Only the lines from the one containing "V (completeNormedModType) this" to the end of the records belong in the output; print them exactly.

╭─ SUPPLIED ENTRIES

(* Let $d$ be a positive integer, let $F$ be a nonempty Young diagram whose outer boundary is encoded by the type sequence $w$, and let $T$ be a $d$-semistandard $w$-oscillating tableau. Let $\Phi_F(T)$ denote the filling of the unique $d$-RSK growth diagram on $F$ whose partitions along the outer boundary (listed from the point on the positive $x$-axis) are $T$. Then: (1) For each $i$, the sum of the entries in the $i$-th row of $\Phi_F(T)$ equals $\mathrm{wt}^+(T)_i$, and for each $j$, the sum of the entries in the $j$-th column equals $\mathrm{wt}^-(T)_j$. (2) Let $T^{\mathrm{rev}}$ be the reversed sequence, regarded as a $d$-semistandard $w'$-oscillating tableau, where $w'$ is obtained from $w$ by reversing it and interchanging `$+$' and `$-$'; let $F'$ be the reflection of $F$ across $y=x$ (whose outer boundary is encoded by $w'$). Then $\Phi_{F'}(T^{\mathrm{rev}})$ is the reflection of $\Phi_F(T)$ across the line $y=x$. The same properties hold with RSK growth diagrams in place of $d$-RSK growth diagrams and semistandard $w$-oscillating tableaux in place of $d$-semistandard ones.
   Context: Partitions: finite weakly decreasing sequences of positive integers, $\lambda_i=0$ for $i>\ell(\lambda)$, $|\lambda|=\sum\lambda_i$; $d$-partitions have $\ell\le d$; $\alpha\prec\beta$ (also $\beta\succ\alpha$) means $\beta_1\ge\alpha_1\ge\beta_2\ge\alpha_2\ge\cdots$. Young diagrams lie in the first quadrant with unit cells at integer lattice points, left-justified; row $i$ is the $i$-th row of cells counted upward from the $x$-axis, column $j$ the $j$-th column counted from the $y$-axis. A filling assigns nonnegative integers to cells. The outer boundary is the lattice path of unit up/left steps from the positive $x$-axis to the positive $y$-axis; its type sequence records `$+$' for up steps and `$-$' for left steps. A semistandard $w$-oscillating tableau ($w=w_1\cdots w_r$) is a sequence of partitions $\emptyset=\lambda^{(0)},\ldots,\lambda^{(r)}=\emptyset$ with $\lambda^{(i-1)}\prec\lambda^{(i)}$ if $w_i=+$ and $\lambda^{(i-1)}\succ\lambda^{(i)}$ if $w_i=-$; $d$-semistandard if all are $d$-partitions. Weights: $\mathrm{wt}^+(T)_i=|\lambda^{(a_i)}|-|\lambda^{(a_i-1)}|$ where $a_i$ is the index of the $i$-th `$+$' in $w$; $\mathrm{wt}^-(T)_i=|\lambda^{(b_i-1)}|-|\lambda^{(b_i)}|$ where $b_i$ is the index of the $i$-th-to-last `$-$' in $w$. A growth diagram on $F$: a filling plus a partition at each lattice point, with $\emptyset$ on the coordinate axes, each cell (entry $m$; bottom-left, top-left, bottom-right, top-right corners $\kappa,\mu,\nu,\rho$) satisfying a local rule. RSK rule: $\mu\succ\kappa\prec\nu$, $\mu\prec\rho\succ\nu$, $\rho_1=m+\max(\mu_1,\nu_1)$, $\rho_i+\kappa_{i-1}=\min(\mu_{i-1},\nu_{i-1})+\max(\mu_i,\nu_i)$ for $i\ge2$. $d$-RSK rule: all four are $d$-partitions, $\mu\succ\kappa\prec\nu$, $\mu\prec\rho\succ\nu$, $m=0$ or $\kappa_d=0$, $\rho_1+\kappa_d=m+\min(\mu_d,\nu_d)+\max(\mu_1,\nu_1)$, $\rho_i+\kappa_{i-1}=\min(\mu_{i-1},\nu_{i-1})+\max(\mu_i,\nu_i)$ for $2\le i\le d$. It is known (and proved in the paper) that each $d$-semistandard (resp. semistandard) $w$-oscillating tableau placed on the outer boundary extends uniquely to a $d$-RSK (resp. RSK) growth diagram on $F$, so $\Phi_F$ is well defined. *)

From mathcomp Require Import all_boot.
Set Implicit Arguments. Unset Strict Implicit. Unset Printing Implicit Defensive.

(* ---------- Partitions ----------
   A partition is a seq nat [:: l_1; l_2; ...; l_l] (0-indexed: nth 0 l (i-1) = l_i),
   weakly decreasing with positive entries; l_i = 0 for i > size l is automatic
   since nth 0 returns 0 out of range. *)
Definition is_partition (l : seq nat) : bool :=
  sorted geq l && all (fun a => 0 < a) l.
Lemma P_eq0 (A1 : R) :
  filterlim P (at_right t0) (locally 0) -> filterlim A (at_right t0) (locally A1) ->
  forall t, t0 < t -> P t = 0.
Proof.
  intros HPlim HAlim.
  apply (linear_ode_eq0 P g t0 P_deriv per_capita_growth_continuous
           (Rabs (b - mu) + Rabs (2 * b) + Rabs (delta - b) * (Rabs A1 + 1))); [| exact HPlim].
  apply filter_imp with (2 := filter_and _ _ (filterlim_near P 0 1 HPlim Rlt_0_1)
                                 (filterlim_near A A1 1 HAlim Rlt_0_1)).
  intros t [HPt HAt].
  rewrite Rminus_0_r in HPt.
  assert (HA : Rabs (A t) <= Rabs A1 + 1).
  { pose proof (Rabs_triang_inv (A t) A1). lra. }
  unfold g, per_capita_growth.
  eapply Rle_trans; [apply Rabs_triang |]. apply Rplus_le_compat.
  - unfold Rminus at 2. eapply Rle_trans; [apply Rabs_triang |].
    rewrite Rabs_Ropp, Rabs_mult. apply Rplus_le_compat_l.
    pose proof (Rabs_pos (2 * b)). nra.
  - rewrite Rabs_mult. apply Rmult_le_compat_l; [apply Rabs_pos | exact HA].
Qed.

Lemma P_lim : (forall t, t0 < t -> 0 < P t) -> is_lim P p_infty (Rmax (b - mu) 0 / (2 * b)).
Proof.
  intros Ppos.
  set (c := fun t => (b - mu) + (delta - b) * A t).
  assert (Hc : is_lim c p_infty (b - mu)).
  { replace (b - mu) with ((b - mu) + (delta - b) * 0) by ring.
    apply (is_lim_plus' (fun _ => b - mu) (fun t => (delta - b) * A t));
      [apply is_lim_const |].
    apply (is_lim_scal_l A (delta - b) p_infty 0), A_lim_0.
    intros t Ht. now apply Rlt_le, Ppos. }
  assert (Hu : forall t, t0 < t -> is_derive (fun t => / P t) t (2 * b - c t * / P t)).
  { intros t Ht. pose proof (Ppos t Ht).
    replace (2 * b - c t * / P t) with (- fP b mu delta (P t) (A t) / P t ^ 2)
      by (unfold fP, c; field; lra).
    apply is_derive_inv; [now apply P_deriv | lra]. }
  apply (is_lim_ext_loc (fun t => / / P t)); [exists t0; intros t _; apply Rinv_inv |].
  destruct (Rlt_le_dec 0 (b - mu)) as [Hgt | Hle].
  - rewrite Rmax_left by lra.
    replace (Finite ((b - mu) / (2 * b))) with (Rbar_inv (2 * b / (b - mu)))
      by (simpl; f_equal; field; lra).
    apply is_lim_inv; [exact (affine_ode_lim _ c t0 (2 * b) (b - mu) Hu Hc Hgt) |].
    intros H. injection H. apply Rgt_not_eq, Rdiv_lt_0_compat; lra.
  - rewrite Rmax_right by lra. replace (0 / (2 * b)) with 0 by (field; lra).
    change (Finite 0) with (Rbar_inv p_infty).
    apply is_lim_inv; [| discriminate].
    apply (affine_ode_lim_p_infty _ c t0 (2 * b) (b - mu) Hu Hc); [lra | lra |].
    intros t Ht. now apply Rinv_0_lt_compat, Ppos.
Qed.
Variable Z : nat -> 'rV[R]_m.
Hypothesis Z0 : Z 0%N = 0.
Hypothesis Z_sol : forall q, (0 < q)%N -> Qcoef Z q = 0.

Section LeadingTerm.
Variable k : nat.
Hypotheses (k_gt0 : (0 < k)%N) (Z_low : forall p, (p < k)%N -> Z p = 0).
Hypothesis Zk_neq0 : Z k != 0.

Lemma coord_leading : coord (Z k) != 0.
Proof.
have CZk : C (Z k) = 0.
  rewrite -[RHS](Z_sol k_gt0) /Qcoef (@eq_Bconv _ _ _ _ (fun=> 0)).
    by rewrite /Bconv big1 ?addr0 // => p _; rewrite Bmap0l.
  by move=> p /andP[_ /Z_low].
have [c Zk] := ker_line CZk.
by rewrite Zk coord_line; apply: contraNneq Zk_neq0 => c0; rewrite Zk c0 scale0r.
Qed.

Lemma Bconv_in_CT (Y : nat -> 'rV[R]_m) (N : nat) : (2 <= N)%N ->
  Y 0%N = 0 -> Y 1%N = v -> (forall p, (2 <= p)%N -> Y p \in T) ->
  (forall q, (0 < q < N)%N -> Qcoef Y q = 0) ->
  exists2 X, X \in T & C X = - Bconv al Y N.
Proof.
move=> N_ge2 Y0 Y1 Y_T Y_sol.
pose M := (N * k)%N; have k_le_M : (k <= M)%N by rewrite leq_pmull // ltnW.
pose zeta := \poly_(p < M.+1) coord (Z p).
have zeta_coef p : (p <= M)%N -> zeta`_p = coord (Z p).
  by move=> le_pM; rewrite coef_poly ltnS le_pM.
have zeta_low i : (i < k)%N -> zeta`_i = 0.
  move=> lt_ik; rewrite zeta_coef; last by rewrite ltnW // (leq_trans lt_ik).
  by rewrite Z_low // -(scale0r v) coord_line.
have [W_sol W_M] := Qcoef_reparam k_gt0 Y0 zeta_low Y_sol.
set W := pcoef _ in W_sol W_M.
have ZW_T j : (j <= M)%N -> Z j - W j \in T.
  move=> le_jM; rewrite /W pcoef_compv_ptrunc -(subnK N_ge2) addn2.
  rewrite big_ord_recl big_ord_recl /= Y0 Y1 scaler0 add0r expr1 zeta_coef //.
  rewrite opprD addrA memvB ?coordP //.
  by apply: memv_suml => p _; rewrite memvZ // Y_T.
have Z_eq_W : forall j, (0 < j < M)%N -> Z j = W j.
  apply: Qcoef_unique => j /andP[j_gt0 lt_jM]; first exact/ZW_T/ltnW.
  by rewrite Z_sol // W_sol.
have M_gt0 : (0 < M)%N by rewrite muln_gt0 k_gt0 (leq_trans _ N_ge2).
have := Cmap_sub_Qcoef Z_eq_W; rewrite Z_sol // W_M sub0r => CZW.
have zk_neq0 : zeta`_k ^+ N != 0.
  by rewrite expf_neq0 // zeta_coef // coord_leading.
exists ((zeta`_k ^+ N)^-1 *: (Z M - W M)); first by rewrite memvZ // ZW_T.
by rewrite linearZ /= CZW scalerN scalerA mulVf // scale1r.
Qed.

End LeadingTerm.
Theorem theorem7p7
  (a b : R) (gx gy dx dy ddx ddy : R -> R) (R1 R2 : R)
  (v0 v1 v2 : R * R) (delta : R) :
  convex_arc a b gx gy dx dy ddx ddy ->
  total_curvature a b dx dy ddx ddy <= PI ->
  0 < R1 -> R1 <= R2 ->
  (forall t, a <= t <= b ->
     R1 <= / curvature dx dy ddx ddy t <= R2) ->
  lin_indep2 v1 v2 ->
  let L := arc_length a b dx dy in
  let A := lattice_area v1 v2 in
  let d := lattice_mindist v0 v1 v2 in
  0 < delta ->
  delta < d ^ 2 / (2 * (R2 + d + sqrt ((R2 + d) ^ 2 - d ^ 2))) ->
  A / 2 - L * delta - 3 / 2 * delta ^ 2 > 0 ->
  forall pts : list (R * R),
    NoDup pts ->
    (forall Q, In Q pts ->
       in_lattice v0 v1 v2 Q /\ dist_curve a b gx gy Q < delta) ->
    INR (length pts) <
      2 + L / Rpower (R1 * (A - 2 * L * delta - 3 * delta ^ 2)) (1 / 3).
Proof.
  intros Hconv Htc HR1 HR12 Hrho _ L A d Hdl Hdb HA pts Hnd Hpts.
  destruct Hconv as [Hab [HC2 [Hreg [_ [Hcv _]]]]].
  destruct (regular_near_interval a b gx gy dx dy ddx ddy HC2 Hab Hreg)
    as [a0 [b0 [Ha0 [Hb0 Hnz]]]].
  assert (Htot : RInt (turning_rate dx dy ddx ddy) a b <= PI).
  { unfold total_curvature in Htc.
    rewrite (RInt_ext _ (fun t => curvature dx dy ddx ddy t * speed dx dy t)); [lra|].
    rewrite Rmin_left, Rmax_right by lra. intros t Ht.
    apply (turning_rate_eq a0 b0); auto. lra. }
  assert (HL : L = arclen a dx dy b - arclen a dx dy a)
    by (unfold L, arc_length, arclen; rewrite RInt_point; symmetry; apply Rminus_0_r).
  destruct (lattice_mindist_spec v0 v1 v2) as [Hd0 Hdist].
  rewrite HL in *.
  apply (near_arc_lattice_count a b a0 b0 gx gy dx dy ddx ddy Ha0 Hab Hb0 HC2 Hnz R1 R2
    HR1 Hcv Hrho Htot v0 v1 v2 delta d pts Hdist Hd0 Hdl); auto.
  - apply small_delta_bound; auto. lra.
  - unfold A in HA. lra.
  - intros Q HQ. destruct (Hpts Q HQ) as [HQl HQd]. split; [auto|].
    apply dist_curve_lt; [lra|auto].
Qed.
(* Let $\mathbb X,\mathbb H,\mathbb Y$ be separable real Hilbert spaces, $\mathbf W\colon\mathbb X\to\mathbb H$ and $\mathbf A\colon\mathbb H\to\mathbb Y$ bounded linear operators, $\mathcal R\colon\mathbb X\to[0,\infty]$ proper, convex and weakly lower semicontinuous, $(\phi_\lambda)_{\lambda\in\Lambda}$ an orthonormal basis of $\mathbb H$ indexed by a countable set $\Lambda$, and $(\kappa_\lambda)_{\lambda\in\Lambda}$ weights with $\kappa_\lambda\ge a>0$. Assume there is $x\in\mathbb X$ with $\mathcal R(x)+\|\mathbf W x\|_{1,\kappa}<\infty$. Suppose $(x_\star,y_\star)\in\mathbb X\times\mathbb Y$ satisfies: (2.1) $\mathbf A\mathbf W x_\star=y_\star$; (2.2) there is $\nu\in\mathbb Y$ with $\mathbf W^*\mathbf A^*\nu\in\partial\big(\mathcal R+\|\mathbf W(\cdot)\|_{1,\kappa}\big)(x_\star)$; (2.3) there exist $\xi\in\partial\mathcal R(x_\star)$ and $\eta\in\partial\|\cdot\|_{1,\kappa}(\mathbf W x_\star)$ with $\mathbf W^*\mathbf A^*\nu=\xi+\mathbf W^*\eta$; (2.4) $\mathbf A_{\Omega[\eta]}\colon\mathbb H_{\Omega[\eta]}\to\mathbb Y$ is injective. Let $C>0$. Then for every $\delta>0$, every $y^\delta\in\mathbb Y$ with $\|y^\delta-y_\star\|\le\delta$, $\alpha=C\delta$, and every minimizer $x_\alpha^\delta$ over $\mathbb X$ of $$\mathcal A_{\alpha,y^\delta}(x)=\tfrac12\|\mathbf A\mathbf W x-y^\delta\|^2+\alpha\big(\mathcal R(x)+\|\mathbf W x\|_{1,\kappa}\big),$$ we have $$\mathcal D^{\mathcal R}_\xi(x_\alpha^\delta,x_\star)\le c_{(\nu,\eta)}\,\delta,\qquad \|\mathbf W x_\alpha^\delta-\mathbf W x_\star\|\le d_{(\nu,\eta)}\,\delta,$$ where $$c_{(\nu,\eta)}=\frac{(1+C\|\nu\|)^2}{2C},\qquad d_{(\nu,\eta)}=2\|\mathbf A_{\Omega[\eta]}^{-1}\|\,(1+C\|\nu\|)+\frac{1+\|\mathbf A_{\Omega[\eta]}^{-1}\|\,\|\mathbf A\|}{m[\eta]}\,c_{(\nu,\eta)}.$$
   Context: Weighted $\ell^1$ norm: $\|h\|_{1,\kappa}=\sum_{\lambda\in\Lambda}\kappa_\lambda|\langle\phi_\lambda,h\rangle|\in[0,\infty]$ for $h\in\mathbb H$. Subdifferential: $\xi\in\partial\mathcal F(z_\star)$ iff $\mathcal F(z)\ge\mathcal F(z_\star)+\langle\xi,z-z_\star\rangle$ for all $z$. Bregman distance: for $\xi\in\partial\mathcal F(z_\star)$, $\mathcal D^{\mathcal F}_\xi(z,z_\star)=\mathcal F(z)-\mathcal F(z_\star)-\langle\xi,z-z_\star\rangle$. For $\eta=\sum_\lambda\eta_\lambda\phi_\lambda\in\partial\|\cdot\|_{1,\kappa}(h_\star)$ (which forces $|\eta_\lambda|\le\kappa_\lambda$ for all $\lambda$), set $\Omega[\eta]=\{\lambda\in\Lambda: |\eta_\lambda|=\kappa_\lambda\}$ (a finite set) and $m[\eta]=\min\{\kappa_\lambda-|\eta_\lambda|:\lambda\notin\Omega[\eta]\}>0$ (with the term involving $1/m[\eta]$ read as $0$ if $\Lambda=\Omega[\eta]$). For finite $\Omega\subseteq\Lambda$: $\mathbb H_\Omega=\operatorname{span}\{\phi_\lambda:\lambda\in\Omega\}$, $\mathbf A_\Omega=\mathbf A|_{\mathbb H_\Omega}\colon\mathbb H_\Omega\to\mathbb Y$, and when $\mathbf A_\Omega$ is injective, $\|\mathbf A_\Omega^{-1}\|$ is the operator norm of its inverse $\operatorname{ran}(\mathbf A_\Omega)\to\mathbb H_\Omega$. *)

From HB Require Import structures.
From mathcomp Require Import all_boot all_order all_algebra.
From mathcomp Require Import all_classical all_reals all_analysis.
Set Implicit Arguments. Unset Strict Implicit. Unset Printing Implicit Defensive.
Import Order.TTheory GRing.Theory Num.Theory.
Import numFieldNormedType.Exports.
Local Open Scope classical_set_scope.
Local Open Scope ring_scope.

(* A real inner product inducing the norm of V; together with completeness of
   V (completeNormedModType) this makes V a real Hilbert space. *)
Record is_inner_product (R : realType) (V : normedModType R) (ip : V -> V -> R)
  : Prop := {
  ip_sym : forall x y, ip x y = ip y x;
  ip_linl : forall (a : R) (x y z : V), ip (a *: x + y) z = a * ip x z + ip y z;
  ip_norm : forall x, ip x x = `|x| ^+ 2 }.

Definition separable (R : realType) (V : normedModType R) : Prop :=
  exists S : set V, countable S /\ closure S = setT.

Definition is_adjoint (R : realType) (U V : normedModType R)
  (ipU : U -> U -> R) (ipV : V -> V -> R) (T : U -> V) (Tt : V -> U) : Prop :=
  forall u v, ipV (T u) v = ipU u (Tt v).

Definition weakly_open (R : realType) (V : normedModType R) (ip : V -> V -> R)
  (U : set V) : Prop :=
  forall x, U x -> exists (n : nat) (ys : nat -> V) (e : R), 0 < e /\
    forall z, (forall i, (i < n)%N -> `|ip (z - x) (ys i)| < e) -> U z.

Definition weakly_closed (R : realType) (V : normedModType R) (ip : V -> V -> R)
  (S : set V) : Prop := weakly_open ip (~` S).

Definition weakly_lsc (R : realType) (V : normedModType R) (ip : V -> V -> R)
  (F : V -> \bar R) : Prop :=
  forall t : \bar R, weakly_closed ip [set x | (F x <= t)%E].

Definition proper_fun (R : realType) (V : normedModType R) (F : V -> \bar R) : Prop :=
  (exists x, (F x < +oo)%E) /\ (forall x, (-oo < F x)%E).

Definition convex_fun (R : realType) (V : normedModType R) (F : V -> \bar R) : Prop :=
  forall (x y : V) (t : R), 0 < t -> t < 1 ->
    (F (t *: x + (1 - t) *: y)%R <= t%:E * F x + (1 - t)%:E * F y)%E.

╰─

EXERCISE ANSWER:
   V (completeNormedModType) this makes V a real Hilbert space. *)
Record is_inner_product (R : realType) (V : normedModType R) (ip : V -> V -> R)
  : Prop := {
  ip_sym : forall x y, ip x y = ip y x;
  ip_linl : forall (a : R) (x y z : V), ip (a *: x + y) z = a * ip x z + ip y z;
  ip_norm : forall x, ip x x = `|x| ^+ 2 }.

Definition separable (R : realType) (V : normedModType R) : Prop :=
  exists S : set V, countable S /\ closure S = setT.

Definition is_adjoint (R : realType) (U V : normedModType R)
  (ipU : U -> U -> R) (ipV : V -> V -> R) (T : U -> V) (Tt : V -> U) : Prop :=
  forall u v, ipV (T u) v = ipU u (Tt v).

Definition weakly_open (R : realType) (V : normedModType R) (ip : V -> V -> R)
  (U : set V) : Prop :=
  forall x, U x -> exists (n : nat) (ys : nat -> V) (e : R), 0 < e /\
    forall z, (forall i, (i < n)%N -> `|ip (z - x) (ys i)| < e) -> U z.

Definition weakly_closed (R : realType) (V : normedModType R) (ip : V -> V -> R)
  (S : set V) : Prop := weakly_open ip (~` S).

Definition weakly_lsc (R : realType) (V : normedModType R) (ip : V -> V -> R)
  (F : V -> \bar R) : Prop :=
  forall t : \bar R, weakly_closed ip [set x | (F x <= t)%E].

Definition proper_fun (R : realType) (V : normedModType R) (F : V -> \bar R) : Prop :=
  (exists x, (F x < +oo)%E) /\ (forall x, (-oo < F x)%E).

Definition convex_fun (R : realType) (V : normedModType R) (F : V -> \bar R) : Prop :=
  forall (x y : V) (t : R), 0 < t -> t < 1 ->
    (F (t *: x + (1 - t) *: y)%R <= t%:E * F x + (1 - t)%:E * F y)%E.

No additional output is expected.